2-4) optimizing a Mask R-CNN network model;

2-5) carrying out model transfer learning training, loading the self-made data set into the optimized network model by using a transfer learning method, and simultaneously loading a model pre-trained by using a COCO data set, so as to improve model convergence, and carrying out iterative training on the model by parameter optimization to generate a target recognition and segmentation model;

2-6) identifying and segmenting the target, intercepting an RGB image from a video stream shot by a binocular camera, transmitting the RGB image into a Mask R-CNN model, identifying the type and the position of a target object to be captured through the model, segmenting the target, and outputting a Mask region of the target.

3. The method according to claim 2, wherein in step 2-4), when performing Mask R-CNN network model optimization, the following steps are adopted:

(3) modifying the loss function; mask R-CNN loss function of

L＝L_cls+L_box+L_mask，

4. The method according to claim 1, wherein in step 1, calibration of the camera is performed to obtain three-dimensional spatial position information from two-dimensional image information, and the method specifically comprises the following steps:

1-1) making a calibration plate;

1-4) solving the internal parameters and the external parameters of the camera.

5. The method of claim 1, wherein in step 3, the DEPTH image acquired by the binocular camera is aligned with the RGB image, the average distance between a target Mask area pixel point in the RGB image and an infrared lens of the binocular camera is calculated to obtain the distance of the target object, the maximum width of the edge of the target object in the DEPTH image corresponding to the Mask area edge pixel is calculated as the width of the target object, and the calculated width value is used for judging whether the target is in a mechanical arm clamping range.

6. The method according to claim 5, characterized in that in step 3, it comprises in particular the steps of:

4-1) acquiring an RGB image and a DEPTH image;

4-2) aligning the DEPTH image and the RGB image, so that pixel points in the RGB image correspond to the DEPTH image target points one by one;

4-3) filtering the background information of the target image, and filtering the background area of the image according to the Mask area of the target object output in the step 2-4);

4-4) calculating a target distance, calculating the distance between a pixel point in a Mask area of a target object and an infrared lens of a binocular camera, and solving the average value of the distances as the distance between the target object and the camera lens;

4-5) calculating the target width, calculating the maximum width of the edge of the target object in the DEPTH image corresponding to the Mask region edge pixels as the width of the target object, and judging whether the target is in the grabbing range of the mechanical arm according to the calculated width value.

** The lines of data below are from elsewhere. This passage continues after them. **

Definition pa : Rp := ('X%:P)%:P.
Definition pq : Rp := ('X)%:P.
Definition px : Rp := 'X.

Definition fa : Kf := tofrac pa.
Definition fq : Kf := tofrac pq.
Definition fx : Kf := tofrac px.

Definition qpoch (F : nzRingType) (y q : F) (m : nat) : F :=
  \prod_(i < m) (1 - y * q ^+ i).

Definition divR (g p : Rp) : Prop := exists h : Rp, p = h * g.

Definition coprimeR (D P : Rp) : Prop :=
  forall g : Rp, divR g D -> divR g P -> g \is a GRing.unit.

Definition eqmodR (A B : Kf) (P : Rp) : Prop :=
  exists C D : Rp, D != 0 /\ coprimeR D P /\
    A - B = tofrac P * tofrac C / tofrac D.

(* Put t = a + 1/a.  Since (aq;q^2)_k (q/a;q^2)_k = prod_{i<k} (1 - q^(2i+1) t + q^(4i+2))
   is a polynomial in t, both sides of the congruence are polynomials in t whose
   coefficients have denominators dividing a power of D = a q (q^2;q^2)_n.  At
   t0 = q^n + q^-n, i.e. at a = q^n, the identity holds exactly: with p = q^2 and
   n = 2m+1 the coefficients become (p^-m;p)_k (p^(m+1);p)_k / (p;p)_k^2, and expanding
   (x;p)_k by the q-binomial theorem reduces it to q-Chu-Vandermonde.  Hence the difference
   is (t - t0) g with g of bounded denominator, and t - t0 = -(1 - a q^n)(a - q^n)/(a q^n).
   Finally D is coprime to the modulus: specialising q to the integers s >= 2 shows that a
   common divisor does not involve a, and then it divides both -q^n and (1 - q^n)^2, which
   generate the unit ideal of Q[q]. *)

From HB Require Import structures.
From mathcomp Require Import all_boot all_order all_algebra.
From mathcomp Require Import ring zify.
Import Order.TTheory GRing.Theory Num.Theory.
Set Implicit Arguments. Unset Strict Implicit. Unset Printing Implicit Defensive.
Local Open Scope ring_scope.

Arguments qpoch : simpl never.

Section QPochhammer.
Variable R : comNzRingType.
Implicit Types (y q : R).

Lemma qpoch0 y q : qpoch y q 0 = 1.
Proof. by rewrite /qpoch big_ord0. Qed.

Lemma qpochS y q k : qpoch y q k.+1 = qpoch y q k * (1 - y * q ^+ k).
Proof. by rewrite /qpoch big_ord_recr. Qed.

Lemma qpochSl y q k : qpoch y q k.+1 = (1 - y) * qpoch (y * q) q k.
Proof.
rewrite /qpoch big_ord_recl expr0 mulr1; congr (_ * _).
by apply: eq_bigr => i _; rewrite /bump /= exprS mulrA.
Qed.

Lemma qpochD y q j l : qpoch y q (j + l) = qpoch y q j * qpoch (y * q ^+ j) q l.
Proof.
rewrite /qpoch big_split_ord /=; congr (_ * _).
by apply: eq_bigr => i _; rewrite exprD mulrA.
Qed.

Lemma qpoch_eq0 y q k i : (i < k)%N -> y * q ^+ i = 1 -> qpoch y q k = 0.
Proof. by move=> ik yqi; rewrite /qpoch (bigD1 (Ordinal ik)) //= yqi subrr mul0r. Qed.

Lemma rmorph_qpoch (S : comNzRingType) (f : {rmorphism R -> S}) y q k :
  f (qpoch y q k) = qpoch (f y) (f q) k.
Proof.
rewrite rmorph_prod; apply: eq_bigr => i _.
by rewrite rmorphB rmorph1 rmorphM rmorphXn.
Qed.

End QPochhammer.

Lemma qpoch_neq0 (R : idomainType) (y q : R) k :
  (forall i, (i < k)%N -> y * q ^+ i != 1) -> qpoch y q k != 0.
Proof.
by move=> yq; apply/prodf_neq0 => i _; rewrite subr_eq0 eq_sym yq.
Qed.

Lemma qpoch_neq0_le (R : idomainType) (y q : R) k K :
  (k <= K)%N -> qpoch y q K != 0 -> qpoch y q k != 0.
Proof. by move=> kK; rewrite -(subnKC kK) qpochD mulf_eq0 negb_or => /andP[]. Qed.

Section TerminatingTransform.
Variable F : fieldType.
Variable q : F.
Hypothesis q_neq0 : q != 0.
Hypothesis q_not_root1 : forall k, (0 < k)%N -> q ^+ k != 1.

Lemma q_subr_neq0 k : 1 - q * q ^+ k != 0.
Proof. by rewrite subr_eq0 eq_sym -exprS q_not_root1. Qed.

Lemma qpoch_qq_neq0 k : qpoch q q k != 0.
Proof. by apply: qpoch_neq0 => i _; rewrite -exprS q_not_root1. Qed.

Lemma qpoch_qqX_neq0 j k : qpoch (q * q ^+ j) q k != 0.
Proof. by apply: qpoch_neq0 => i _; rewrite -exprS -exprD q_not_root1. Qed.

Definition qchu_coef N l := qpoch (q^-1 ^+ N) q l * q ^+ l / qpoch q q l.

Lemma qchu_coef0 N : qchu_coef N 0 = 1.
Proof. by rewrite /qchu_coef !qpoch0 expr0 mulr1 divr1. Qed.

Lemma qchu_coefS N l :
  qchu_coef N.+1 l.+1 = qchu_coef N l.+1 - q^-1 ^+ N * qchu_coef N l.
Proof.
rewrite /qchu_coef (qpochSl (q^-1 ^+ N.+1)) (qpochS (q^-1 ^+ N)) (qpochS q).
have -> : q^-1 ^+ N.+1 * q = q^-1 ^+ N by rewrite exprSr -mulrA mulVf // mulr1.
have := qpoch_qq_neq0 l; have := q_subr_neq0 l.
by rewrite exprSr exprS => h1 h2; field; apply/and3P.
Qed.

(* q-Chu-Vandermonde: 2phi1(q^-N, b; c; q, q) = b^N (c/b;q)_N / (c;q)_N. *)
Lemma qChu_Vandermonde N K b c : (N < K)%N -> qpoch c q K != 0 ->
  \sum_(l < K) qchu_coef N l * (qpoch b q l / qpoch c q l)
  = (\prod_(i < N) (b - c * q ^+ i)) / qpoch c q N.
Proof.
elim: N K b c => [|N IH] [|K] // b c NK cK.
  rewrite big_ord0 qpoch0 divr1 big_ord_recl /= qchu_coef0 !qpoch0 divr1 mulr1.
  by rewrite big1 ?addr0 // => i _; rewrite /qchu_coef qpochSl expr0 subrr !mul0r.
move: (cK); rewrite qpochSl mulf_eq0 negb_or => /andP[c1 cqK].
rewrite [in LHS]big_ord_recl /= qchu_coef0 !qpoch0 divr1 mul1r.
under eq_bigr => i _ do rewrite /bump /= qchu_coefS mulrBl.
rewrite sumrB addrA.
have -> : 1 + \sum_(i < K) qchu_coef N i.+1 * (qpoch b q i.+1 / qpoch c q i.+1)
    = \sum_(l < K.+1) qchu_coef N l * (qpoch b q l / qpoch c q l).
  by rewrite big_ord_recl qchu_coef0 !qpoch0 divr1 mul1r.
have -> : \sum_(i < K) q^-1 ^+ N * qchu_coef N i * (qpoch b q i.+1 / qpoch c q i.+1)
    = q^-1 ^+ N * ((1 - b) / (1 - c)) *
      \sum_(l < K) qchu_coef N l * (qpoch (b * q) q l / qpoch (c * q) q l).
  rewrite mulr_sumr; apply: eq_bigr => i _; rewrite !qpochSl.
  have := qpoch_neq0_le (ltnW (ltn_ord i)) cqK.
  by move=> ?; field; apply/andP.
rewrite !IH //; last by rewrite ltnW.
have -> : \prod_(i < N) (b * q - c * q * q ^+ i)
    = q ^+ N * \prod_(i < N) (b - c * q ^+ i).
  have -> : q ^+ N = \prod_(i < N) q by rewrite prodr_const card_ord.
  rewrite -big_split /=.
  by apply: eq_bigr => i _; ring.
have -> : qpoch (c * q) q N = qpoch c q N * (1 - c * q ^+ N) / (1 - c).
  by apply: (mulfI c1); rewrite -qpochSl qpochS; field.
move: (qpoch_neq0_le (ltnW NK) cK); rewrite qpochS mulf_eq0 negb_or => /andP[cN cN1].
rewrite big_ord_recr /= exprVn.
by field; rewrite cN cN1 c1 expf_neq0.
Qed.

7. The method according to claim 1, wherein in step 4, when calculating the target pose, a space coordinate system is established with the arm shoulder of the robot arm as the coordinate origin by using a hand-eye calibration method, and coordinate values of the target object in a coordinate system with the camera as the origin are converted into coordinate values in the coordinate system, wherein the hand-eye calibration method is used for calibration, and the conversion relationship between the camera coordinate system and the robot end coordinate system can be determined.

8. The method according to claim 1, wherein in step 5, the robot is driven to reach the area where the target is located, the distance between the robot and the target object is adjusted so that the target object is within a capturable range of a gripper at the end of the robot arm, the angular postures of the joints are solved through inverse kinematics of the robot, and finally the target object is grabbed by controlling the rotation angles of the joints of the robot arm.